[Exercise materials]

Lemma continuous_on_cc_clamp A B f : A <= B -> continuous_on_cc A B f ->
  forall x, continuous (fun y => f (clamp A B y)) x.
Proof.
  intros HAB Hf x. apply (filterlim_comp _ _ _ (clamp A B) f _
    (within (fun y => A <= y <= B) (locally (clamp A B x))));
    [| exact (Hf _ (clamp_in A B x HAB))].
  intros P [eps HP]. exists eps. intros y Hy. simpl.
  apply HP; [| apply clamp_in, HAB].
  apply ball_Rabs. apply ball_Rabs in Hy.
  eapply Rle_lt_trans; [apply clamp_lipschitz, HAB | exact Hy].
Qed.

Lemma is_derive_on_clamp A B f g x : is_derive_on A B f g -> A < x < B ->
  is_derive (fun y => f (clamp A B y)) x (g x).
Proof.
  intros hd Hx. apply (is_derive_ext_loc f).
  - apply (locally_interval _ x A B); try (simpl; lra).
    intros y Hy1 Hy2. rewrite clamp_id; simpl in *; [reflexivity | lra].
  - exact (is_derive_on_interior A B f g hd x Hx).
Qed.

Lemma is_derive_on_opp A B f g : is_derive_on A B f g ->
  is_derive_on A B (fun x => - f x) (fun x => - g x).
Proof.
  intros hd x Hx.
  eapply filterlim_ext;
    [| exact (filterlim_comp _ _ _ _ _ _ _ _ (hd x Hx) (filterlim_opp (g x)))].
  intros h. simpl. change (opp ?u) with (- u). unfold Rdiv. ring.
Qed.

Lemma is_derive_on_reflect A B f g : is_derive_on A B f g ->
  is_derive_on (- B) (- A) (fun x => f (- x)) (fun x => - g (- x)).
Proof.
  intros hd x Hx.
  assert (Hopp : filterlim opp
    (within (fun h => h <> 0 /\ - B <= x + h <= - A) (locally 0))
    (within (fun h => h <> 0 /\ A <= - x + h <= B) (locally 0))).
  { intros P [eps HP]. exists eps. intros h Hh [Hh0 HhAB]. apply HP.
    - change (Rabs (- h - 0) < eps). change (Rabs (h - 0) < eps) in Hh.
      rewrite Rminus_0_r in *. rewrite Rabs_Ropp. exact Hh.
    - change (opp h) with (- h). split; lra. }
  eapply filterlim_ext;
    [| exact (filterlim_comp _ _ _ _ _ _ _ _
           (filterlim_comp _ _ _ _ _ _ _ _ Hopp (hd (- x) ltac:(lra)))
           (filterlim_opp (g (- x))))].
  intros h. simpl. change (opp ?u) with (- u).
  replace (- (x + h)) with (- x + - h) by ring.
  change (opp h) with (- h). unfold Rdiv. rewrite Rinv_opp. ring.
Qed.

[/Exercise materials]
[Exercise materials]

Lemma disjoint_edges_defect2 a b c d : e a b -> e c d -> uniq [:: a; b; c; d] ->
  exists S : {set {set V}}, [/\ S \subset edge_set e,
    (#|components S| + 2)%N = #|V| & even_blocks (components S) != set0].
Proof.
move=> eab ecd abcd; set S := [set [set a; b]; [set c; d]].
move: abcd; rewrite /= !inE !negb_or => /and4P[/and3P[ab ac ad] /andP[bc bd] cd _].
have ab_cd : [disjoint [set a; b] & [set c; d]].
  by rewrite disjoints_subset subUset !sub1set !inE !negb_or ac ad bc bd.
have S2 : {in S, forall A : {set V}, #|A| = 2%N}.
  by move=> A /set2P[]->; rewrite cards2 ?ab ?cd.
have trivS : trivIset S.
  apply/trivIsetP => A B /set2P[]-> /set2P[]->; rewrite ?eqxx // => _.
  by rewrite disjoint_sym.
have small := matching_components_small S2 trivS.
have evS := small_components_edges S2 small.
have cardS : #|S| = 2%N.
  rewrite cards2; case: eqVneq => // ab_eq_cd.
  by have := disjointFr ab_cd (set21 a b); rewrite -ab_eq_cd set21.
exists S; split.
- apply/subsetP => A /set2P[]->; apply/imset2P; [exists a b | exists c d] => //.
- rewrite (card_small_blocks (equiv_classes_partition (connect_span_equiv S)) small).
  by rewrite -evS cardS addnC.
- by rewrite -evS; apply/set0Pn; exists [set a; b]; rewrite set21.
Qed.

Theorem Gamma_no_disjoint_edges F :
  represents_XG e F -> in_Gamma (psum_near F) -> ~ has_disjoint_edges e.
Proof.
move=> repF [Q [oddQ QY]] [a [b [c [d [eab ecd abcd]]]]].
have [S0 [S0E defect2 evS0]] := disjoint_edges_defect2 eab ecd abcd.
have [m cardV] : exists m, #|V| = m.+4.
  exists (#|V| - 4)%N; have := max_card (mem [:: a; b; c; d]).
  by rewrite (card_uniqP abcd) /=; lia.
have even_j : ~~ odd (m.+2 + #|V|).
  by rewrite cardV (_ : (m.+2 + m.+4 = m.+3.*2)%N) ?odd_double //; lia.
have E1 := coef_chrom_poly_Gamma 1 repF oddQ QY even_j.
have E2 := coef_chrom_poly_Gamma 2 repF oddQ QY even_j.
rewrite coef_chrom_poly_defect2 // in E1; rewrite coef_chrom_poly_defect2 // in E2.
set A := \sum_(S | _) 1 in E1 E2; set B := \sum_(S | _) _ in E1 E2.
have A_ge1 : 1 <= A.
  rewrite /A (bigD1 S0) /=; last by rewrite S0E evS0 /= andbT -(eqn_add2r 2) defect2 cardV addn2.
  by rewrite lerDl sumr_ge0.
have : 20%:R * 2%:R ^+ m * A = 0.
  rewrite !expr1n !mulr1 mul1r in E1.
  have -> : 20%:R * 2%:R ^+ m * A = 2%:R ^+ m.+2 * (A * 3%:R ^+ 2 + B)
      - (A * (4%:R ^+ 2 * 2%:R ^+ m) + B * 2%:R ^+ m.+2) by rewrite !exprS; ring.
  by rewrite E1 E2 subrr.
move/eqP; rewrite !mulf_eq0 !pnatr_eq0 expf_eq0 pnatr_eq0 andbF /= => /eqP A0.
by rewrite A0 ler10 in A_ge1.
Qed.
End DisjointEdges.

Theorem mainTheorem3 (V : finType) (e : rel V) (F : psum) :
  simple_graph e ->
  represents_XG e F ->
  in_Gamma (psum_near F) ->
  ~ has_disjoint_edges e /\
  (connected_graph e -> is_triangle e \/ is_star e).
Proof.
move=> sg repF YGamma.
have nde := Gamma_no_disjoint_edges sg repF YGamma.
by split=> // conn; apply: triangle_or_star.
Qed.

[/Exercise materials]

• [Your assignment]:
Search the data for "exists". Copy each line that has it.

• [Result of the exercise]:
  intros P [eps HP]. exists eps. intros y Hy. simpl.
  { intros P [eps HP]. exists eps. intros h Hh [Hh0 HhAB]. apply HP.
  exists S : {set {set V}}, [/\ S \subset edge_set e,
exists S; split.
- apply/subsetP => A /set2P[]->; apply/imset2P; [exists a b | exists c d] => //.
- by rewrite -evS; apply/set0Pn; exists [set a; b]; rewrite set21.
have [m cardV] : exists m, #|V| = m.+4.
  exists (#|V| - 4)%N; have := max_card (mem [:: a; b; c; d]).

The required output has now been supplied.